# Giving it another go



## StillRemains

Some of you might not remember my story, but I wanted to post here to say that my H is now back home. :smthumbup:

We started talking a few weeks ago about R but I didn't post anything so as not to jinx things.  Initially, I confronted him about what I thought might be evidence of OW but it turned out I had jumped to conclusions and it wasn't (I've talked to many people and all have confirmed there was no OW so far as anyone could tell).
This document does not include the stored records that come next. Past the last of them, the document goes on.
(* For every BIMS channel with capacity $C$ and every $R\ge0$, the following hold (as inequalities in $[-\infty,+\infty]$): (a) Strong converse exponent: $E_{\rm sc}^{\rm bsc}(R;C)\le E_{\rm sc}(R)\le E_{\rm sc}^{\rm bec}(R;C)$. (b) Sphere-packing exponent: $E_{\rm sp}^{\rm bsc}(R;C)\le E_{\rm sp}(R)\le E_{\rm sp}^{\rm bec}(R;C)$. (c) Generalized Feinstein exponent: $E_{\rm gfb}^{\rm bsc}(R;C)\le E_{\rm gfb}(R)\le E_{\rm gfb}^{\rm bec}(R;C)$.
   Context: A BIMS (binary-input memoryless symmetric) channel is a memoryless channel with input alphabet $\{x_0,x_1\}$, finite output alphabet $\mathcal Y$ and transition probabilities $P_{Y|X}(y|x)$. It is symmetric in Gallager's sense: the columns of the $2\times|\mathcal Y|$ transition matrix (rows indexed by inputs) can be partitioned into submatrices such that, in each submatrix, every row is a permutation of every other row and every column is a permutation of every other column. Inputs are equiprobable and logarithms are base 2. The capacity $C$ is $I(X;Y)$ under equiprobable inputs. For $\rho>-1$, $$F(\rho)=\sum_{x}\tfrac12\sum_{y:\,P_{Y|X}(y|x)>0}P_{Y|X}(y|x)\left(\frac{\tfrac12\sum_{x'}P_{Y|X}(y|x')^{1/(1+\rho)}}{P_{Y|X}(y|x)^{1/(1+\rho)}}\right)^{\rho},$$ and $E_0(\rho)=-\log F(\rho)$. The exponents are $$E_{\rm sc}(R)=\sup_{-1<\rho\le0}\bigl(E_0(\rho)-\rho R\bigr),\qquad E_{\rm sp}(R)=\sup_{\rho>0}\bigl(E_0(\rho)-\rho R\bigr),\qquad E_{\rm gfb}(R)=\sup_{\rho\ge0}\frac{E_0(\rho)-\rho R}{1+\rho}.$$ The quantities with superscript bec (resp. bsc) are defined by the same formulas with $E_0(\rho)$ replaced by $-\log F^{\rm bec}(\rho;C)$ (resp. $-\log F^{\rm bsc}(\rho;C)$), where $$F^{\rm bec}(\rho;C)=1+(2^{-\rho}-1)C,$$ $$F^{\rm bsc}(\rho;C)=2^{-\rho}\bigl(\varepsilon^{1/(1+\rho)}+(1-\varepsilon)^{1/(1+\rho)}\bigr)^{1+\rho},\qquad \varepsilon=h^{-1}(1-C),$$ $h$ is the binary entropy function and $h^{-1}$ its inverse on $[0,\tfrac12]$. *)

From Stdlib Require Import Reals Lra List Permutation Classical ClassicalEpsilon.
Import ListNotations.
Open Scope R_scope.

Definition log2 (x : R) : R := ln x / ln 2.

(** Real power with the convention 0^a = 0 (only used with a > 0). *)
Definition powr (x a : R) : R := if Rlt_dec 0 x then Rpower x a else 0.

Definition Rsum_list (l : list R) : R := fold_right Rplus 0 l.
Definition sumY (n : nat) (f : nat -> R) : R := Rsum_list (map f (seq 0 n)).
Definition sumX (f : bool -> R) : R := f false + f true.

(** A binary-input channel with finite output alphabet {0,...,n-1}:
    W x y = P_{Y|X}(y|x). *)
Definition is_channel (n : nat) (W : bool -> nat -> R) : Prop :=
  (forall x y, (y < n)%nat -> 0 <= W x y) /\
  (forall x, sumY n (W x) = 1).

(** Gallager symmetry: the columns are partitioned into blocks (block label
    blk y); in each block every row is a permutation of every other row and
    every column is a permutation of every other column. *)
Definition gallager_symmetric (n : nat) (W : bool -> nat -> R) : Prop :=
  exists blk : nat -> nat, forall k : nat,
    let cols := filter (fun y => Nat.eqb (blk y) k) (seq 0 n) in
    Permutation (map (W false) cols) (map (W true) cols) /\
    (forall y y', In y cols -> In y' cols ->
       Permutation [W false y; W true y] [W false y'; W true y']).

Definition BIMS (n : nat) (W : bool -> nat -> R) : Prop :=
  is_channel n W /\ gallager_symmetric n W.

Definition PY (W : bool -> nat -> R) (y : nat) : R := / 2 * sumX (fun x => W x y).

(** Capacity = I(X;Y) under equiprobable inputs (0 log 0 = 0). *)
Definition capacity (n : nat) (W : bool -> nat -> R) : R :=
  sumX (fun x => / 2 * sumY n (fun y =>
    if Rlt_dec 0 (W x y) then W x y * log2 (W x y / PY W y) else 0)).

Definition Fch (n : nat) (W : bool -> nat -> R) (rho : R) : R :=
  sumX (fun x => / 2 * sumY n (fun y =>
    if Rlt_dec 0 (W x y) then
      W x y * Rpower
        ((/ 2 * sumX (fun x' => powr (W x' y) (/ (1 + rho))))
           / powr (W x y) (/ (1 + rho))) rho
    else 0)).

Definition E0ch (n : nat) (W : bool -> nat -> R) (rho : R) : R :=
  - log2 (Fch n W rho).

Definition hb (p : R) : R :=
  - (if Rlt_dec 0 p then p * log2 p else 0)
  - (if Rlt_dec 0 (1 - p) then (1 - p) * log2 (1 - p) else 0).

Definition Fbec (rho C : R) : R := 1 + (Rpower 2 (- rho) - 1) * C.
Definition E0bec (C rho : R) : R := - log2 (Fbec rho C).

(** F^bsc with crossover probability eps (eps = h^{-1}(1-C)). *)
Definition Fbsc (rho eps : R) : R :=
  Rpower 2 (- rho) *
  Rpower (powr eps (/ (1 + rho)) + powr (1 - eps) (/ (1 + rho))) (1 + rho).
Definition E0bsc (eps rho : R) : R := - log2 (Fbsc rho eps).

Inductive Rbar : Type := Fin (r : R) | PInf | MInf.

Definition Rbar_le (x y : Rbar) : Prop :=
  match x, y with
  | MInf, _ => True
  | _, PInf => True
  | Fin a, Fin b => a <= b
  | _, _ => False
  end.

Definition Rbar_sup (P : R -> Prop) : Rbar.
Proof.
  destruct (excluded_middle_informative (exists x, P x)) as [ne|_].
  - destruct (excluded_middle_informative (bound P)) as [b|_].
    + exact (Fin (proj1_sig (completeness P b ne))).
    + exact PInf.
  - exact MInf.
Defined.

Definition Esc (E0 : R -> R) (Rt : R) : Rbar :=
  Rbar_sup (fun v => exists rho, -1 < rho <= 0 /\ v = E0 rho - rho * Rt).
Definition Esp (E0 : R -> R) (Rt : R) : Rbar :=
  Rbar_sup (fun v => exists rho, 0 < rho /\ v = E0 rho - rho * Rt).
Definition Egfb (E0 : R -> R) (Rt : R) : Rbar :=
  Rbar_sup (fun v => exists rho, 0 <= rho /\ v = (E0 rho - rho * Rt) / (1 + rho)).

(** Every output letter y of the channel is a "column"
    (W(0|y), W(1|y)), which behaves like a BSC with crossover
    δ_y = W(1|y) / (W(0|y) + W(1|y)); both F(ρ) and the capacity are
    P_Y-averages over these columns:
        F(ρ) = Σ_y P_Y(y) F^bsc(ρ; δ_y),    C = Σ_y P_Y(y) (1 - h(δ_y)).
    The analytic core is that, for fixed ρ > -1, F^bsc(ρ; δ) is a concave
    function of the entropy h(δ) on δ ∈ [0, 1/2].  In log-odds coordinates
    w = ln((1-δ)/δ) this is the monotonicity of the ratio of derivatives
    dF^bsc/dh, which reduces to one elementary exponential inequality.
    Concavity gives supporting lines, hence (i) F^bsc lies above its chord,
    which averages to F^bec(ρ; C), and (ii) Jensen's inequality
    Σ_y P_Y(y) F^bsc(δ_y) <= F^bsc(ε) when h(ε) = 1 - C.  So
    F^bec(ρ;C) <= F(ρ) <= F^bsc(ρ;ε) for all ρ > -1; E0 = -log2 F reverses
    the order, and each exponent is a supremum that is monotone in E0. *)

From Stdlib Require Import Reals Lra Psatz List Lia ClassicalEpsilon.
From Coquelicot Require Coquelicot.
Open Scope R_scope.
What did come out as a result of that chat was that he wasn't happy and wanted to come back home, but at the time, we both agreed it would be best to move slowly and make SURE this is what we both wanted to do since we have kids. 

We had some good talks and then started to go on dates, and things went pretty well with that (definitely going to keep up the dates!) Then he moved back home and I am very glad to have him back. I've learned a lot here at TAM and have grown in myself as a result, and I'm happy now that I get a chance to try again with my H. Everything I learned here will only help make our marriage stronger, as I have also become stronger and learned more about meeting each other's needs, etc. I will never forget the pain I went through and will never take my marriage for granted in the future. We still have work to do, obviously, but at least he's back at home now and it will be much easier to work on things while in the same house. 

Wish us good luck!!


----------



## dormant

That's GREAT!!


----------



## daisygirl 41

That's great news.
Loads of positive vibes and good luck coming your way!
Xx
_Posted via Mobile Device_


----------



## stilllookingup

Congratulations, good luck and take it slowly!
_Posted via Mobile Device_


----------



## YupItsMe

Very good to hear. Good luck


----------



## 36Separated

great news


----------



## StillRemains

Thanks all. It's going pretty well so far. I won't lie and say it's been all perfection all the time. There are still triggers, which I think is normal. I have moments where I feel like I'm holding my breath, almost waiting for the other shoe to drop, but that is getting a little better all the time. H has now been back home almost as long as we were separated. I've discovered things about that time, some good and some bad, but we are working to put it behind us and build a better marriage from the ashes of all that. I hope it lasts but only time will tell that story. I pray we don't blow the chance to be happier together. I'm also being vigilant so I don't lose myself again, keeping a healthy focus on my own needs.  

I hope you're all doing okay today and wish the very best outcome for each of you. It's a tough road, for sure!


----------



## separated2000

StillRemains said:


> Some of you might not remember my story, but I wanted to post here to say that my H is now back home. :smthumbup:
> 
> We started talking a few weeks ago about R but I didn't post anything so as not to jinx things.  Initially, I confronted him about what I thought might be evidence of OW but it turned out I had jumped to conclusions and it wasn't (I've talked to many people and all have confirmed there was no OW so far as anyone could tell). What did come out as a result of that chat was that he wasn't happy and wanted to come back home, but at the time, we both agreed it would be best to move slowly and make SURE this is what we both wanted to do since we have kids.
> 
> We had some good talks and then started to go on dates, and things went pretty well with that (definitely going to keep up the dates!) Then he moved back home and I am very glad to have him back. I've learned a lot here at TAM and have grown in myself as a result, and I'm happy now that I get a chance to try again with my H. Everything I learned here will only help make our marriage stronger, as I have also become stronger and learned more about meeting each other's needs, etc. I will never forget the pain I went through and will never take my marriage for granted in the future. We still have work to do, obviously, but at least he's back at home now and it will be much easier to work on things while in the same house.
> 
> Wish us good luck!!


I believe I remember you. Did you separate in 2010/2011? Also for how long did it take for him to miss home? I'm currently separated.
_Posted via Mobile Device_


----------



## separated2000

_Posted via Mobile Device_


----------



## separated2000

36Separated said:


> great news


I've read your posts as well. How are things for you?
_Posted via Mobile Device_


----------